Le blog de Philippe Baumel

Creusot infos "Philippe Baumel : « La démocratie n’est pas irrémédiablement acquise »"

Ce vendredi soir à Broye, Philippe Baumel, député de la troisième circonscription de Saône-et-Loire, a présenté ses derniers voeux de la législature.
A cette occasion, plus d’une centaine de militants et d’élus du territoire avait fait le déplacement. Cette cérémonie a été ouverte par Jean-François Aluze, le maire de la commune de la vallée du Mesvrin. Puis c’est Marie-Claude Barnay, conseillère départementale du territoire, mais surtout colistière de Philippe Baumel pour les prochaines élections législatives, qui a dressé quelques perspectives pour cette année 2017 dont notamment le début du déploiement du Très Haut Débit, à la fin de l’année 2017 ;
« Nous serons attentifs au respect des dates et des engagements du président Accary », prévient-elle avant d’évoquer le transfert de la compétence transport à la Région à l’automne. Mais avant, il faudra régler les problèmes constatés sur la navette entre les gares d’Etang-sur-Arroux et d’Autun, qui ne marque plus l’arrêt à la gare de Laizy.
 ?Puis c’est Christian Gillot, deuxième conseiller départemental du canton d’Autun 2, qui est monté à la tribune pour adresser de nombreuses félicitations au député sortant. « Merci pour le coup de main que tu donnes aux communes rurales qui ont peu de moyens pour financer leur projet », souligne l’ancien maire de Broye. Sur le domaine de l’agriculture qu’il connait bien, Christian Gillot a salué le travail de Philippe Baumel qui a permis le maintien du Grand Autunois-Morvan en zone défavorisé, tout en demandant l’accélération du travail afin d’obtenir la reconnaissance de certaines communes du canton, mais égarement de cantons voisins en zone de montagne.

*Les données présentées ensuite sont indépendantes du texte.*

(* Let $\mathcal{S}$ be a finite state space with non-terminal states $\mathcal{S}_N$, let $r:\mathcal{S}\to\mathbb{R}$ satisfy $r(s)<0$ for all $s\in\mathcal{S}_N$, let $\lambda>0$, and let $\mathbf{P}^{\pi_d}$ be the state-transition matrix of the default policy $\pi_d$, with rows of non-terminal states summing to $1$ and rows of terminal states equal to zero. Let $\mathbf{Z}=\big[\operatorname{diag}(\exp(-\mathbf{r}/\lambda))-\mathbf{P}^{\pi_d}\big]^{-1}$ and $\operatorname{Sym}(\mathbf{Z})=(\mathbf{Z}+\mathbf{Z}^\top)/2$. Assume there is exactly one start state $s_0$ and that every state is reachable from $s_0$ under the default policy, i.e. for every $s\in\mathcal{S}$ there is a finite sequence of states $s_0=u_0,u_1,\dots,u_k=s$ with $\prod_{t=0}^{k-1}\mathbf{P}^{\pi_d}(u_t,u_{t+1})>0$. Then the largest eigenvalue of $\operatorname{Sym}(\mathbf{Z})$ is positive and its corresponding (top) eigenvector can be chosen with all entries positive.
   Context: $\mathbf{P}^{\pi_d}(s,s')$ is the probability of transitioning from $s$ to $s'$ under the default policy $\pi_d$, which assigns nonzero probability to all state-action pairs; $\exp$ acts entrywise. $\mathbf{Z}$ is the default representation (DR). *)

From HB Require Import structures.
From mathcomp Require Import all_boot all_order all_algebra.
From mathcomp Require Import all_classical all_reals all_analysis.
Set Implicit Arguments. Unset Strict Implicit. Unset Printing Implicit Defensive.
Import Order.TTheory GRing.Theory Num.Theory.
Local Open Scope ring_scope.

Definition default_rep (R : realType) (n : nat) (r : 'I_n -> R) (lambda : R)
  (P : 'M[R]_n) : 'M[R]_n :=
  invmx (diag_mx (\row_i expR (- r i / lambda)) - P).

Definition symm_part (R : realType) (n : nat) (A : 'M[R]_n) : 'M[R]_n :=
  2^-1 *: (A + A^T).

Definition reachable (R : realType) (n : nat) (P : 'M[R]_n) (s0 s : 'I_n) : Prop :=
  exists (k : nat) (u : nat -> 'I_n),
    u 0%N = s0 /\ u k = s /\ 0 < \prod_(t < k) P (u t) (u t.+1).

From HB Require Import structures.
From mathcomp Require Import all_boot all_order all_algebra.
From mathcomp Require Import all_classical all_reals all_analysis.
From mathcomp Require Import lra ring.
Import Order.TTheory GRing.Theory Num.Theory numFieldNormedType.Exports.
Local Open Scope ring_scope.
Set Implicit Arguments. Unset Strict Implicit. Unset Printing Implicit Defensive.

(* Z is the inverse of M = diag(exp(-r/lambda)) - P, and every row of P sums to less
   than the corresponding diagonal entry.  Such an M obeys a minimum principle
   (M x >= 0 implies x >= 0), so it is invertible with Z >= 0, and row s0 of Z stays
   positive along every path of positive transitions out of s0, hence everywhere.
   Sym(Z) is then symmetric, nonnegative and has a positive row.  For such a matrix
   the maximum mu of the quadratic form on the unit sphere is the largest eigenvalue;
   it is also attained at the entrywise absolute value w of a maximiser, so w is a
   nonnegative eigenvector, and the positive row forces mu > 0 and w > 0. *)

Section DominantDiagonal.
Variables (R : realFieldType) (n : nat) (d : 'I_n -> R) (P : 'M[R]_n).
Hypotheses (P_ge0 : forall i j, 0 <= P i j) (P_row_lt : forall i, \sum_j P i j < d i).
Local Notation M := (diag_mx (\row_i d i) - P).

Lemma dominant_diag_gt0 i : 0 < d i.
Proof. by apply: le_lt_trans (P_row_lt i); apply: sumr_ge0. Qed.

Lemma mulmx_diag_subE (x : 'cV[R]_n) i :
  (M *m x) i 0 = d i * x i 0 - \sum_j P i j * x j 0.
Proof.
rewrite mxE; under eq_bigr do rewrite !mxE mulrBl.
rewrite sumrB (bigD1 i) //= eqxx mulr1n big1 ?addr0 // => j /negPf ji.
by rewrite eq_sym ji mulr0n mul0r.
Qed.

Lemma mulmx_diag_subEr (z : 'rV[R]_n) j :
  (z *m M) 0 j = z 0 j * d j - \sum_i z 0 i * P i j.
Proof.
rewrite mxE; under eq_bigr do rewrite !mxE mulrBr.
rewrite sumrB (bigD1 j) //= eqxx mulr1n big1 ?addr0 // => i /negPf ij.
by rewrite ij mulr0n mulr0.
Qed.

(* At a minimal entry [x i 0 < 0], [(M *m x) i 0 <= (d i - \sum_j P i j) * x i 0 < 0]. *)
Lemma diag_sub_min_principle (x : 'cV[R]_n) :
  (forall i, 0 <= (M *m x) i 0) -> forall i, 0 <= x i 0.
Proof.
move=> Mx_ge0 k.
have [i _ x_min] := @real_arg_minP R _ k predT (fun j => x j 0) isT
  (fun j _ => num_real (x j 0)).
apply: le_trans (x_min k isT); rewrite leNgt; apply/negP => xi_lt0.
have := Mx_ge0 i; rewrite mulmx_diag_subE.
have : \sum_j P i j * x i 0 <= \sum_j P i j * x j 0.
  by apply: ler_sum => j _; apply: ler_wpM2l => //; exact: x_min.
rewrite -mulr_suml; have := P_row_lt i; nra.
Qed.

Lemma diag_sub_unitmx : M \in unitmx.
Proof.
rewrite unitmxE unitfE -det_tr; apply/negP => /det0P [v v_neq0 vM].
have Mv : M *m v^T = 0 by rewrite -[M]trmxK -trmx_mul vM trmx0.
have v_ge0 i : 0 <= v^T i 0 by apply: diag_sub_min_principle => j; rewrite Mv mxE.
have v_le0 i : 0 <= (- v^T) i 0.
  by apply: diag_sub_min_principle => j; rewrite mulmxN Mv oppr0 mxE.
move/eqP: v_neq0; apply; apply/rowP => i.
by have := v_ge0 i; have := v_le0 i; rewrite !mxE; lra.
Qed.

Lemma invmx_diag_sub_ge0 i j : 0 <= invmx M i j.
Proof.
have := diag_sub_min_principle (x := col j (invmx M)) _ i; rewrite mxE; apply=> k.
by rewrite colE mulmxA mulmxV ?diag_sub_unitmx // mul1mx mxE ler0n.
Qed.

(* Row [s0] of the inverse solves [z_j d_j = [s0 == j] + \sum_i z_i P_ij], so its
   support contains [s0] and is closed under the positive entries of [P]. *)
Lemma invmx_diag_sub_path_gt0 s0 k (u : nat -> 'I_n) : u 0%N = s0 ->
  0 < \prod_(t < k) P (u t) (u t.+1) -> 0 < invmx M s0 (u k).
Proof.
move=> u0; pose z := row s0 (invmx M).
have z_fix j : z 0 j * d j = (s0 == j)%:R + \sum_i z 0 i * P i j.
  apply/eqP; rewrite -subr_eq -mulmx_diag_subEr.
  by rewrite -row_mul mulVmx ?diag_sub_unitmx // !mxE.
have zP_ge0 i j : 0 <= z 0 i * P i j by rewrite mxE mulr_ge0 ?invmx_diag_sub_ge0.
have z_gt0 j : 0 < z 0 j * d j -> 0 < z 0 j by rewrite pmulr_lgt0 ?dominant_diag_gt0.
have -> : invmx M s0 (u k) = z 0 (u k) by rewrite mxE.
elim: k => [_|k IHk].
  apply/z_gt0; rewrite u0 z_fix eqxx ltr_pwDl ?sumr_ge0 //.
rewrite big_ord_recr /=; set p := \prod_(t < k) _ => p_gt0.
have p_ge0 : 0 <= p by apply: prodr_ge0 => t _.
have P_ge0' := P_ge0 (u k) (u k.+1).
have /IHk zk_gt0 : 0 < p by nra.
have Pk_gt0 : 0 < P (u k) (u k.+1) by nra.
apply/z_gt0; rewrite z_fix ltr_wpDl //.
apply: lt_le_trans (mulr_gt0 zk_gt0 Pk_gt0) _.
by rewrite (bigD1 (u k)) //= lerDl sumr_ge0.
Qed.
End DominantDiagonal.

Definition mxform (R : pzSemiRingType) n (A : 'M[R]_n) (x y : 'rV[R]_n) : R :=
  (x *m A *m y^T) 0 0.

Section MatrixForm.
Variables (R : comPzRingType) (n : nat).
Implicit Types (A : 'M[R]_n) (x y z : 'rV[R]_n).

Lemma mxformE A x y : mxform A x y = \sum_i \sum_j x 0 i * A i j * y 0 j.
Proof.
rewrite /mxform mxE exchange_big /=; apply: eq_bigr => j _.
by rewrite !mxE big_distrl /=; apply: eq_bigr => i _; rewrite ?mxE.
Qed.

Lemma mxform1E x y : mxform 1 x y = \sum_i x 0 i * y 0 i.
Proof. by rewrite /mxform mulmx1 mxE; apply: eq_bigr => i _; rewrite mxE. Qed.

Lemma mxform_tr A x y : mxform A x y = mxform A^T y x.
Proof.
by rewrite /mxform -[in LHS](trmxK (x *m A *m y^T)) [in LHS]mxE !trmx_mul trmxK mulmxA.
Qed.

Lemma mxformDl A x y z : mxform A (x + y) z = mxform A x z + mxform A y z.
Proof. by rewrite /mxform !mulmxDl mxE. Qed.

Lemma mxformZl A a x z : mxform A (a *: x) z = a * mxform A x z.
Proof. by rewrite /mxform -!scalemxAl mxE. Qed.

Lemma mxformDr A x y z : mxform A z (x + y) = mxform A z x + mxform A z y.
Proof. by rewrite mxform_tr mxformDl -!mxform_tr. Qed.

Lemma mxformZr A a x z : mxform A z (a *: x) = a * mxform A z x.
Proof. by rewrite mxform_tr mxformZl -!mxform_tr. Qed.

Lemma mxform_mull A B x y : mxform A (x *m B) y = mxform (B *m A) x y.
Proof. by rewrite /mxform !mulmxA. Qed.

Lemma mxform_sym_expand A x y t : A^T = A ->
  mxform A (x + t *: y) (x + t *: y) =
  mxform A x x + 2 * t * mxform A x y + t ^+ 2 * mxform A y y.
Proof.
move=> A_sym; rewrite !(mxformDl, mxformDr, mxformZl, mxformZr).
by rewrite [mxform A y x]mxform_tr A_sym; ring.
Qed.

End MatrixForm.

Section MatrixFormNorm.
Variables (R : realDomainType) (n : nat).
Implicit Types (x : 'rV[R]_n).

Lemma mxform1_ge0 x : 0 <= mxform 1 x x.
Proof. by rewrite mxform1E sumr_ge0 // => i _; rewrite -expr2 sqr_ge0. Qed.

Lemma mxform1_eq0 x : (mxform 1 x x == 0) = (x == 0).
Proof.
apply/idP/eqP => [|->]; last by rewrite /mxform !mul0mx mxE.
rewrite mxform1E psumr_eq0 => [/allP x0|i _]; last by rewrite -expr2 sqr_ge0.
apply/rowP => i; apply/eqP; rewrite mxE -[_ == 0]orbb -mulf_eq0.
by have := x0 i; rewrite mem_index_enum; apply.
Qed.

Lemma mxform1_gt0 x : x != 0 -> 0 < mxform 1 x x.
Proof. by move=> x_neq0; rewrite lt_neqAle mxform1_ge0 andbT eq_sym mxform1_eq0. Qed.

End MatrixFormNorm.

Lemma mxform_continuous (R : realType) n (A : 'M[R]_n) :
  continuous (fun x : 'rV[R]_n => mxform A x x).
Proof.
under eq_fun do rewrite mxformE.
apply: continuous_big => [|i _]; first exact: add_continuous.
apply: continuous_big => [|j _]; first exact: add_continuous.
move=> x; apply: (continuousM (s := fun x : 'rV[R]_n => x 0 i * A i j)).
  apply: (continuousM (t := fun=> A i j)); first exact: coord_continuous.
  exact: cst_continuous.
exact: coord_continuous.
Qed.

Lemma exists_rayleigh_max (R : realType) n (A : 'M[R]_n) (i0 : 'I_n) :
  exists2 c : 'rV[R]_n, mxform 1 c c = 1 &
    forall x, mxform 1 x x = 1 -> mxform A x x <= mxform A c c.
Proof.
pose sphere := [set x : 'rV[R]_n | mxform 1 x x = 1]%classic.
have sphere_neq0 : (sphere !=set0)%classic.
  exists (\row_i (i == i0)%:R); rewrite /sphere /= mxform1E (bigD1 i0) //= big1.
    by rewrite !mxE eqxx mulr1 addr0.
  by move=> i /negPf i_neq0; rewrite !mxE i_neq0 mulr0.
have sphere_compact : compact sphere.
  apply: (@subclosed_compact _ _
    [set x : 'rV[R]_n | forall i, `[-1, 1]%classic (x 0 i)]%classic).
  - apply: (@preimage_closed _ _ (fun x : 'rV[R]_n => mxform 1 x x) [set 1]%classic).
      by move=> x _; exact: mxform_continuous.
    exact: closed_eq.
  - exact: (@rV_compact R n (fun=> `[-1, 1]%classic) (fun=> @segment_compact _ _ _)).
  - move=> x /= x_unit i; rewrite in_itv /=.
    have : x 0 i ^+ 2 <= 1.
      rewrite -x_unit mxform1E (bigD1 i) //= expr2 lerDl.
      by apply: sumr_ge0 => j _; rewrite -expr2 sqr_ge0.
    by move=> ?; apply/andP; split; nra.
have [c c_in c_max] := EVT_max_rV sphere_neq0 sphere_compact
  (continuous_subspaceT (@mxform_continuous R n A)).
exists c; first by move: c_in; rewrite inE.
by move=> x x_unit; apply: c_max; rewrite inE.
Qed.

Lemma linear_le_quadratic_eq0 (R : realFieldType) (a b : R) :
  0 <= a -> (forall t, 2 * t * a <= t ^+ 2 * b) -> a = 0.
Proof.
move=> a_ge0 H; apply/eqP; rewrite eq_le a_ge0 andbT leNgt; apply/negP => a_gt0.
pose t := a / (`|b| + 1).
have b1_gt0 : 0 < `|b| + 1 by rewrite ltr_wpDl.
have t_gt0 : 0 < t by rewrite divr_gt0.
have tE : t * (`|b| + 1) = a by rewrite /t mulfVK ?gt_eqF.
have := H t; have := ler_norm b; nra.
Qed.

Section RayleighMaximizer.
Variables (R : rcfType) (n : nat) (S : 'M[R]_n) (c : 'rV[R]_n).
Hypothesis c_max : forall x, mxform 1 x x = 1 -> mxform S x x <= mxform S c c.
Local Notation mu := (mxform S c c).

Lemma rayleigh_max_le x : mxform S x x <= mu * mxform 1 x x.
Proof.
have [->|x_neq0] := eqVneq x 0; first by rewrite /mxform !mul0mx mxE mulr0.
pose s := Num.sqrt (mxform 1 x x).
have s_gt0 : 0 < s by rewrite sqrtr_gt0 mxform1_gt0.
have s2E : s ^+ 2 = mxform 1 x x by rewrite sqr_sqrtr // mxform1_ge0.
have xs_unit : mxform 1 (s^-1 *: x) (s^-1 *: x) = 1.
  by rewrite mxformZl mxformZr mulrA -s2E; field; rewrite gt_eqF.
have := c_max xs_unit; rewrite mxformZl mxformZr mulrA -s2E => Sxs_le.
have -> : mxform S x x = s ^+ 2 * (s^-1 * s^-1 * mxform S x x).
  by field; rewrite gt_eqF.
by rewrite [mu * _]mulrC ler_wpM2l // sqr_ge0.
Qed.

(* [y] maximises [x |-> mxform S x x - mu * |x|^2], whose derivative at [y] in the
   direction [g = y S - mu y] is [2 |g|^2]; that derivative must vanish. *)
Lemma rayleigh_max_eigenvector y : S^T = S ->
  mxform S y y = mu * mxform 1 y y -> y *m S = mu *: y.
Proof.
move=> S_sym y_max; pose g := y *m S - mu *: y.
have gE : mxform 1 g g = mxform S y g - mu * mxform 1 y g.
  by rewrite mxformDl -scaleN1r !mxformZl mxform_mull mulmx1; ring.
suff /eqP : mxform 1 g g = 0 by rewrite mxform1_eq0 subr_eq0 => /eqP.
apply: (@linear_le_quadratic_eq0 _ _ (mu * mxform 1 g g - mxform S g g)).
  exact: mxform1_ge0.
move=> t; have := rayleigh_max_le (y + t *: g).
by rewrite !mxform_sym_expand ?trmx1 // y_max gE; lra.
Qed.

Lemma eigenvalue_le_rayleigh_max a : eigenvalue S a -> a <= mu.
Proof.
move=> /eigenvalueP [v vS v_neq0].
have Sv : mxform S v v = a * mxform 1 v v.
  by rewrite -[S]mulmx1 -mxform_mull vS mxformZl.
by have := rayleigh_max_le v; rewrite Sv ler_pM2r // mxform1_gt0.
Qed.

« Un député proche de nous »

En présence du sous-préfet d’Autun, mais aussi du Sénateur Jérôme Durain et de nombreux conseillers départementaux, c’est sur un sujet beaucoup plus politique que les propos de Christian Gillot ont dévié. Après avoir souhaité pleine réussite au tandem Baumel/Barnay, l’élu a demandé, entre une droite très à droite et un gauche très à gauche, de se rassembler derrière le candidat qui sortira de la Primaire de la gauche, sans toutefois afficher de soutien à l’un des sept candidats en lice ce dimanche. Pour les législatives, il a demandé bien évidemment de se soutenir Philippe Baumel afin « de garder un député proche de nous ».
Un Député qui, lors de son discours, s’est gardé de passer par la case des Primaires, préférant évoquer la France qui est l’objet de menaces.
« La politique, ce n’est pas les petits chevaux. Je préfère les idées et les projets pour tracer le sillon de l’histoire, qu’elle soit de gauche », a-t-il déclaré en préambule.
Puit se s’interroger sur l’état de la République. « Nous sommes dans le peloton des cinq pays les plus riches du monde et pourtant nous avons le sentiment d’un effritement », dressa-t-il comme premier constat. Et de poursuivre : « Les richesses sont mal réparties, les inégalités se sont creusées, la pauvreté extrême est toujours présente. Des gens meurent de froid dans la rue. Une minorité de Français sont toujours plus riches ».

« On nous fait peur avec des menaces
qui n’existent pas »

Pour le Député, c’est parce que la France se fracture que des Français font le choix des extrémismes.
Il évoqua ensuite le refus du nouveau Président des Etats-Unis d’appliquer les accords de la COP21, remarquant que Marine Le Pen lui emboite le pas.
Il déplora de constater que la France a accueilli seulement 5000 migrants quand l’Allemagne en a accueilli un million. « Cela alors même que dans les années 70 nous avions été capables d’accueillir 160.000 boat-people ».
Et Philippe Baumel d’affirmer au sujet des migrants : « On nous fait peur avec des menaces qui n’existent pas ».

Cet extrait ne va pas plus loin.